What is needed: From the first line of the data through the line containing "Import Order.TTheory GRing.Theory Num.Theory.", return each line exactly.

(Collected data)
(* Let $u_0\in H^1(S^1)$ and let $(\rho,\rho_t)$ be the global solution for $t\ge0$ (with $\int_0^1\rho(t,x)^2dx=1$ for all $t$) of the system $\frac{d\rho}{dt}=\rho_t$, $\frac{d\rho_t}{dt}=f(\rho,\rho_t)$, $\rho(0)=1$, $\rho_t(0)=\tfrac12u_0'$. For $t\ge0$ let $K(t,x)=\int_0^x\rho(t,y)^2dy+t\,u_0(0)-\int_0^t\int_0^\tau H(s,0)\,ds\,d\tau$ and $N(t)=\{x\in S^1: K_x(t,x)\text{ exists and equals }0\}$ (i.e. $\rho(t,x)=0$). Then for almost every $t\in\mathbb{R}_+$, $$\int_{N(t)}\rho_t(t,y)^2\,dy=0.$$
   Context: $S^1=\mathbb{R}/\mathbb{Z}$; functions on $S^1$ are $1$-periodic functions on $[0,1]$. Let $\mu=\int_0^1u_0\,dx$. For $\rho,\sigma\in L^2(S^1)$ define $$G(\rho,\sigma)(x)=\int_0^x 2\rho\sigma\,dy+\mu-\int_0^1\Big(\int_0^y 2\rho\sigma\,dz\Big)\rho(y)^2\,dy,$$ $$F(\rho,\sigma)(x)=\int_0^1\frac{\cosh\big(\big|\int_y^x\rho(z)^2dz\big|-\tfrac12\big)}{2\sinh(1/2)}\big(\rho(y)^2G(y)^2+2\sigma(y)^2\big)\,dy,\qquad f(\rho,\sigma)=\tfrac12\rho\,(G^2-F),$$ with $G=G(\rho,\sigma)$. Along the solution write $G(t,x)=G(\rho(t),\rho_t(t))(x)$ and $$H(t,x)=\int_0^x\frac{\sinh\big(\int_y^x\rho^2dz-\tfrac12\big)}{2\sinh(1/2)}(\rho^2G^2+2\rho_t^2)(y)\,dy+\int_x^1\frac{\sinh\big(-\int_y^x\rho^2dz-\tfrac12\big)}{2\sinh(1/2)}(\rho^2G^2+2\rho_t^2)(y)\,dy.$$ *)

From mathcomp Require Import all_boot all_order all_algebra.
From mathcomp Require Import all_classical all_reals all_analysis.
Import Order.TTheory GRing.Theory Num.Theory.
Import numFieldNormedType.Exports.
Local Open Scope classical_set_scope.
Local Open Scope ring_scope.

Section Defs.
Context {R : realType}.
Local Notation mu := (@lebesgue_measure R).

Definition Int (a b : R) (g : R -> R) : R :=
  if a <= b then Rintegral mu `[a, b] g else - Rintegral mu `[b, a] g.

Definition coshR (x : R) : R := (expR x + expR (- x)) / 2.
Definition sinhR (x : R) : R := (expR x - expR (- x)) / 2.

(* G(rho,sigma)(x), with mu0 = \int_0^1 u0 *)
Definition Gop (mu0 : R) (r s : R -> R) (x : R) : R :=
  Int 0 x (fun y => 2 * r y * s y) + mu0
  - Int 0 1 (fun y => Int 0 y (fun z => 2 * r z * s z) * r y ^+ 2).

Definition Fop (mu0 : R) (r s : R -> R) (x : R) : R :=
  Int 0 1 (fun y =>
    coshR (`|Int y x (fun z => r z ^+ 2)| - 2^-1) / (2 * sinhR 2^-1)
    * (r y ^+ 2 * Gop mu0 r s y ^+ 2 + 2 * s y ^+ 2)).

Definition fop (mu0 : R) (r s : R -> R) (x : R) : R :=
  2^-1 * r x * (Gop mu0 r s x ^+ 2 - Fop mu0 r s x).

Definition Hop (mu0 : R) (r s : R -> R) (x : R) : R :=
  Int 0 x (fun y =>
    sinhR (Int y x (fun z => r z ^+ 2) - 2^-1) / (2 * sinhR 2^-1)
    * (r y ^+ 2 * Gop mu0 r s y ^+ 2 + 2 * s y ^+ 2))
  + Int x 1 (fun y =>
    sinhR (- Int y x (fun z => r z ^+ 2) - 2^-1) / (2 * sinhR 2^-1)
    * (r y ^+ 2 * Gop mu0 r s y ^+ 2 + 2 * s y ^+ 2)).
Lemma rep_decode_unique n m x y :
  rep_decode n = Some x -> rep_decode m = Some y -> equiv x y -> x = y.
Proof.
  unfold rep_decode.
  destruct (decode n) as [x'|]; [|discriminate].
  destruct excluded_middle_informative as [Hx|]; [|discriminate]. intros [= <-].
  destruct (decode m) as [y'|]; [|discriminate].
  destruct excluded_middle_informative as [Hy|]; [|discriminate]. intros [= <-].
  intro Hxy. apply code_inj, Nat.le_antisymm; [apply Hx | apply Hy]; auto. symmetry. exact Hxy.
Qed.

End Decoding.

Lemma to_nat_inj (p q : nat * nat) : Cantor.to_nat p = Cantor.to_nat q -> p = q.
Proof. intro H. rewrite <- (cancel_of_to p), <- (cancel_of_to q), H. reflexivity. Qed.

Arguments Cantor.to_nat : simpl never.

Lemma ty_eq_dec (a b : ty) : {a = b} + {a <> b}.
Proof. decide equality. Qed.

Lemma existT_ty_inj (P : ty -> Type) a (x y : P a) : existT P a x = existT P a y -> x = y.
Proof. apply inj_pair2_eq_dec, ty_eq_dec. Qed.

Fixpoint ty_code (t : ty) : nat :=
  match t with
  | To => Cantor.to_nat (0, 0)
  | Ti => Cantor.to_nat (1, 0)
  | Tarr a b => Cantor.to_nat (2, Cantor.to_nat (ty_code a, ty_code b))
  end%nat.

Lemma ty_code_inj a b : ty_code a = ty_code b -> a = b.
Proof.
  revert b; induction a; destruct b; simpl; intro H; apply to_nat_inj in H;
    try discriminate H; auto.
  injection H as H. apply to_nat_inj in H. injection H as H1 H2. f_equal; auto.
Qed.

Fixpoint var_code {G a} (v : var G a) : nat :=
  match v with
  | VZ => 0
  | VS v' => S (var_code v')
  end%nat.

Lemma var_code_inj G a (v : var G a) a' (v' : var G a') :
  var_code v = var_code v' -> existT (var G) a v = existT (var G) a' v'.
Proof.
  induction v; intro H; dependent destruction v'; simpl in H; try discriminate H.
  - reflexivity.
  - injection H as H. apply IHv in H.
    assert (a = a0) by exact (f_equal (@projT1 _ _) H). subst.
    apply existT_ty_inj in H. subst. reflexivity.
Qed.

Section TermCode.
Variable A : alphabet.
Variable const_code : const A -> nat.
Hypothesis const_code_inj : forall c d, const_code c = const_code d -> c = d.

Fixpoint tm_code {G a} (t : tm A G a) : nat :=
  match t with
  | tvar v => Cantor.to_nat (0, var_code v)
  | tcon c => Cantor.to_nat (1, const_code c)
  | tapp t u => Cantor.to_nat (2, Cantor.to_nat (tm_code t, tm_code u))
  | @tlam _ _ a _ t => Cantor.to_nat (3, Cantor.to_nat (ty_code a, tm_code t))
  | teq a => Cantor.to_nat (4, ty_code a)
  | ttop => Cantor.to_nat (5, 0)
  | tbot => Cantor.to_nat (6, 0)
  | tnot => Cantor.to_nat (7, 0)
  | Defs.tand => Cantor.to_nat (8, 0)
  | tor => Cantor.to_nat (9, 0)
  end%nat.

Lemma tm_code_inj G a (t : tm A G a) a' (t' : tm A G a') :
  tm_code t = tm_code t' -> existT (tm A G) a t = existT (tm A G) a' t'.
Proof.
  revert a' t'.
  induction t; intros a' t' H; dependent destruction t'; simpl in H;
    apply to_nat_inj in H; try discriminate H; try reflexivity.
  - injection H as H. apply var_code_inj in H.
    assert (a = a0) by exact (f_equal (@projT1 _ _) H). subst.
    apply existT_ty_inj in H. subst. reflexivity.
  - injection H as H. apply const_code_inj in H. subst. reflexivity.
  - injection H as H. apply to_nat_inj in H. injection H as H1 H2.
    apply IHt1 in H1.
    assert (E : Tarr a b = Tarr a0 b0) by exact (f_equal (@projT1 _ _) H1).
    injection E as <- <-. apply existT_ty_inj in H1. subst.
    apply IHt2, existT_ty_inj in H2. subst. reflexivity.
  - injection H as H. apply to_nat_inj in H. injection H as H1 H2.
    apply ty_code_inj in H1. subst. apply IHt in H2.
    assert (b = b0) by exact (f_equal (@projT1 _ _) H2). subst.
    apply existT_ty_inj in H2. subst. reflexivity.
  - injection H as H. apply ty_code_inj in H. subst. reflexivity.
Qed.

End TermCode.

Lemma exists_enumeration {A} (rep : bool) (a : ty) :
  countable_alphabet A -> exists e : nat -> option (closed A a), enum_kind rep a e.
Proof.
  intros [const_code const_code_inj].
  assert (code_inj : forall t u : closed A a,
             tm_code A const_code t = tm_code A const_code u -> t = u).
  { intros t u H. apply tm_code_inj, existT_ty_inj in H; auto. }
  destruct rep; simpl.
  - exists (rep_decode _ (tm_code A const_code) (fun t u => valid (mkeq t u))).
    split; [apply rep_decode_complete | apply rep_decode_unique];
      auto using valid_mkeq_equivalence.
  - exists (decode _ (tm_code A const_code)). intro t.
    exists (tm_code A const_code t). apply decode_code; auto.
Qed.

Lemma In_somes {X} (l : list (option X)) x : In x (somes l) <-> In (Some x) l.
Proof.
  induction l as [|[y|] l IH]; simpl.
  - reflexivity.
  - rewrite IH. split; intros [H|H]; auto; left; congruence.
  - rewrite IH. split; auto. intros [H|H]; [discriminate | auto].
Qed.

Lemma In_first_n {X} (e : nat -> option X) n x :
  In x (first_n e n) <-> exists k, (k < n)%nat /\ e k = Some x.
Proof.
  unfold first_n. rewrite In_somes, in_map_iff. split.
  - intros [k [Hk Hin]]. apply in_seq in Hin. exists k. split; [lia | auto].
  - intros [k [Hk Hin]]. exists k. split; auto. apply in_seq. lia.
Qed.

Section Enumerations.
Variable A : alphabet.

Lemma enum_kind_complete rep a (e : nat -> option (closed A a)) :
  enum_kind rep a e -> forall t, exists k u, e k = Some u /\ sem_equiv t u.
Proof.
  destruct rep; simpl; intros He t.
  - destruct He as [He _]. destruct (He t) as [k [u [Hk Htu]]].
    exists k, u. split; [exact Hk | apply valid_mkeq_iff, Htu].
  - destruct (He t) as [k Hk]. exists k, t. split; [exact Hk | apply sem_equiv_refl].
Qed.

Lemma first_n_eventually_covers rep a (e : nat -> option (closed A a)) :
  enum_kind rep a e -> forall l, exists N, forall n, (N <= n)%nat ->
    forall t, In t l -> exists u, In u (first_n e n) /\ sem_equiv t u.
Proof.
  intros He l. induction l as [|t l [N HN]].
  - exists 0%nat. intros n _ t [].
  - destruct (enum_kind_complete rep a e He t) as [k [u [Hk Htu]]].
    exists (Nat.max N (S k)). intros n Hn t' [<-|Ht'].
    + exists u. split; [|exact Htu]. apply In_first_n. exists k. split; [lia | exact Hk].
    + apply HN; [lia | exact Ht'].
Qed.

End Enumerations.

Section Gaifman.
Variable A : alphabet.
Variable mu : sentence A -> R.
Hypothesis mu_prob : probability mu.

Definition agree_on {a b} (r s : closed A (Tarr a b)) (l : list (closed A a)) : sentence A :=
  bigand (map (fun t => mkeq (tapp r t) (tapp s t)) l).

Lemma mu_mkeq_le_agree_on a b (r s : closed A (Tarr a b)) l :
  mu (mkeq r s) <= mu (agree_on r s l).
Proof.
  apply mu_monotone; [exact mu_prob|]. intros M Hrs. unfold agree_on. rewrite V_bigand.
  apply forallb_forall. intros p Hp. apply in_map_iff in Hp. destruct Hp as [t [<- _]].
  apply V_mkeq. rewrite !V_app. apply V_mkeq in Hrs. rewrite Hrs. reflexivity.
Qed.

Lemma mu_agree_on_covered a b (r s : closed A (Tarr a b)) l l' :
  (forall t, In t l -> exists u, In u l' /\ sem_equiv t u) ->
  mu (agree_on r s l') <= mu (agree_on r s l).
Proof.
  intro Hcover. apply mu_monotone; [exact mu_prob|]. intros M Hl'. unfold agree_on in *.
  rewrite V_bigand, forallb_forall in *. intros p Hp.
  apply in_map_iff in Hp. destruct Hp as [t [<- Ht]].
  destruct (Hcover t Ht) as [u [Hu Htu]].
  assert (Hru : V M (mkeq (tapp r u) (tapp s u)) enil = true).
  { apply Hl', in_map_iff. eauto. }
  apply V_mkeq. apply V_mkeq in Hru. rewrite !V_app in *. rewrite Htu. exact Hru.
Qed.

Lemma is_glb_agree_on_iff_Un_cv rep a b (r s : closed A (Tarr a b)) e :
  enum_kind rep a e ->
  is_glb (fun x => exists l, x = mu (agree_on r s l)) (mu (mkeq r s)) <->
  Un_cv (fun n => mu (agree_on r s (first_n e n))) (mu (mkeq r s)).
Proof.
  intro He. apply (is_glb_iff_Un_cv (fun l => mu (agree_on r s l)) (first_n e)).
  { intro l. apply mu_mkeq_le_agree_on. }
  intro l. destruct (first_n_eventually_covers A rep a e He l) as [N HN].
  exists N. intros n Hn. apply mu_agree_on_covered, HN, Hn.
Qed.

Reply to the task:
(* Let $u_0\in H^1(S^1)$ and let $(\rho,\rho_t)$ be the global solution for $t\ge0$ (with $\int_0^1\rho(t,x)^2dx=1$ for all $t$) of the system $\frac{d\rho}{dt}=\rho_t$, $\frac{d\rho_t}{dt}=f(\rho,\rho_t)$, $\rho(0)=1$, $\rho_t(0)=\tfrac12u_0'$. For $t\ge0$ let $K(t,x)=\int_0^x\rho(t,y)^2dy+t\,u_0(0)-\int_0^t\int_0^\tau H(s,0)\,ds\,d\tau$ and $N(t)=\{x\in S^1: K_x(t,x)\text{ exists and equals }0\}$ (i.e. $\rho(t,x)=0$). Then for almost every $t\in\mathbb{R}_+$, $$\int_{N(t)}\rho_t(t,y)^2\,dy=0.$$
   Context: $S^1=\mathbb{R}/\mathbb{Z}$; functions on $S^1$ are $1$-periodic functions on $[0,1]$. Let $\mu=\int_0^1u_0\,dx$. For $\rho,\sigma\in L^2(S^1)$ define $$G(\rho,\sigma)(x)=\int_0^x 2\rho\sigma\,dy+\mu-\int_0^1\Big(\int_0^y 2\rho\sigma\,dz\Big)\rho(y)^2\,dy,$$ $$F(\rho,\sigma)(x)=\int_0^1\frac{\cosh\big(\big|\int_y^x\rho(z)^2dz\big|-\tfrac12\big)}{2\sinh(1/2)}\big(\rho(y)^2G(y)^2+2\sigma(y)^2\big)\,dy,\qquad f(\rho,\sigma)=\tfrac12\rho\,(G^2-F),$$ with $G=G(\rho,\sigma)$. Along the solution write $G(t,x)=G(\rho(t),\rho_t(t))(x)$ and $$H(t,x)=\int_0^x\frac{\sinh\big(\int_y^x\rho^2dz-\tfrac12\big)}{2\sinh(1/2)}(\rho^2G^2+2\rho_t^2)(y)\,dy+\int_x^1\frac{\sinh\big(-\int_y^x\rho^2dz-\tfrac12\big)}{2\sinh(1/2)}(\rho^2G^2+2\rho_t^2)(y)\,dy.$$ *)

From mathcomp Require Import all_boot all_order all_algebra.
From mathcomp Require Import all_classical all_reals all_analysis.
Import Order.TTheory GRing.Theory Num.Theory.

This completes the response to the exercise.